Il panorama politico di Porto Torres si sta definendo in vista delle elezioni comunali del 2026. Le forze di centrosinistra, tra cui Partito Democratico, Progetto Turritano e Orizzonte Comune, hanno ufficializzato un’importante alleanza con il gruppo autonomista “Porto Torres Avanti”. Questo accordo rafforza ulteriormente la candidatura del sindaco uscente Massimo Mulas, puntando sulla continuità amministrativa e sul rinnovato ruolo della città all’interno della neonata Città Metropolitana di Sassari.
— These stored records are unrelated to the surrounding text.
Lemma num_avoiding_le_near (S : pattern_set) (e : R) : 0 < e ->
  \forall n \near \oo, (num_avoiding S n)%:R <= ((1 + e) * n%:R) ^+ n.
Proof.
move=> e_gt0; have e_ge0 := ltW e_gt0; near=> n.
apply: (@le_trans _ _ (n.+1%:R ^+ n)); first by rewrite -natrX ler_nat num_avoiding_le_pow.
apply: lerXn2r; rewrite ?nnegrE ?ler0n ?mulr_ge0 ?addr_ge0 //.
rewrite mulrDl mul1r -natr1 lerD2l -[leLHS](mulfV (lt0r_neq0 e_gt0)) ler_pM2l //.
near: n; exists (Num.bound e^-1) => // k /= le_k.
by apply: le_trans (ltW (archi_boundP _)) _; rewrite ?invr_ge0 ?ler_nat.
Unshelve. all: by end_near. Qed.

Lemma fact_pow_le_num_avoiding (S : pattern_set) up n : ~ has_monotone_pattern S up ->
  (expR (-1) * n%:R) ^+ n <= (num_avoiding S n)%:R :> R.
Proof.
move=> no_mono; apply: le_trans (fact_ge_pow n) _.
by rewrite ler_nat (fact_le_num_avoiding _ no_mono).
Qed.

Lemma num_avoiding_small (S : pattern_set) :
  has_monotone_pattern S true -> has_monotone_pattern S false ->
  forall e : R, 0 < e -> \forall n \near \oo, (num_avoiding S n)%:R <= (e * n%:R) ^+ n.
Proof.
move=> [a [pa [Spa inc_pa]]] [b [pb [Spb dec_pb]]] e e_gt0.
(* [(a * b).+1] rather than [a * b] keeps [h%:R] invertible. *)
pose h := (a * b).+1.
have depth_lt n (par : parent_fun n) :
    is_forest par -> avoids par S -> forall v, (#|ancestors par v| < h)%N.
  move=> forest_par avoid_S v; apply/ltnW/card_ancestors_lt => //.
  - exact: avoids_no_dir_chain avoid_S Spa inc_pa.
  - exact: avoids_no_dir_chain avoid_S Spb dec_pb.
have [N level_small] := level_prod_small h (divr_gt0 e_gt0 (ltr0Sn R (a * b))).
near=> n.
have : (num_avoiding S n <= \sum_(g : {ffun 'I_n -> 'I_h}) level_prod [set: 'I_n] (fun v => g v))%N.
  by apply: num_avoiding_le_sum_level_prod; exact: depth_lt.
rewrite -(ler_nat R) natr_sum => /le_trans; apply.
have N_le_n : (N <= #|[set: 'I_n]%SET|)%N by rewrite cardsT card_ord; near: n; exists N.
have g_lt (g : {ffun 'I_n -> 'I_h}) v : v \in [set: 'I_n]%SET -> (g v < h)%N by [].
apply: le_trans (ler_sum _ (fun g _ => level_small _ _ _ (g_lt g) N_le_n)) _.
rewrite sumr_const card_ffun cardsT !card_ord -[leLHS]mulr_natl natrX -exprMn mulrA.
by rewrite mulrCA mulfV ?mulr1 ?pnatr_eq0.
Unshelve. all: by end_near. Qed.

End Rates.

Unset Implicit Arguments. Set Strict Implicit.

Theorem corollary5p10 (R : realType) (S : pattern_set) (L : R) :
  (fun n : nat => ((num_avoiding S n)%:R `^ (n%:R^-1)) / n%:R) @ \oo --> L ->
  L = 0 \/ (expR (-1) <= L <= 1).
Proof.
move=> f_cvg.
have [[inc dec] | no_mono] := pselect (has_monotone_pattern S true /\ has_monotone_pattern S false).
  left; apply/le_anti; rewrite (cvg_rate_ge0 f_cvg) andbT.
  apply: (cvg_rate_le f_cvg (lexx 0)) => e e_gt0; rewrite add0r.
  exact: num_avoiding_small.
right; apply/andP; split; last first.
  by apply: (cvg_rate_le f_cvg ler01) => e e_gt0; exact: num_avoiding_le_near.
have [up no_up] : exists up, ~ has_monotone_pattern S up.
  have [inc | no_inc] := pselect (has_monotone_pattern S true); last by exists true.
  by exists false => dec; apply: no_mono.
apply: (cvg_rate_ge f_cvg (ltW (expR_gt0 _))); apply: nearW => n.
exact: fact_pow_le_num_avoiding no_up.
Qed.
L’intesa con “Porto Torres Avanti”, rappresentato in Consiglio da Bastianino Spanu e Costantino Ligas, si inserisce nella strategia del “campo largo” che vede già l’adesione di Partito Socialista, +Europa ed Europa Verde. Gli incontri proseguono con l’obiettivo di ampliare la coalizione a movimenti civici e progressisti, come ribadito dal segretario PD Antonello Cabitta. “Porto Torres Avanti” ha manifestato piena disponibilità a sostenere Mulas e a contribuire attivamente con programmi condivisi per lo sviluppo locale.
Nonostante l’incognita del Movimento 5 Stelle, che mantiene alcune riserve, il centrosinistra appare orientato a presentarsi unito. Sul fronte opposto, il centrodestra (Forza Italia, Fratelli d’Italia, Lega, Riformatori) è ancora alla ricerca di una figura trainante. Si profila anche l’ipotesi di un terzo polo con “Sardegna al Centro” e “Sardegna Vera”. Il quadro definitivo prenderà forma nei prossimi mesi, con l’avvicinarsi della campagna elettorale.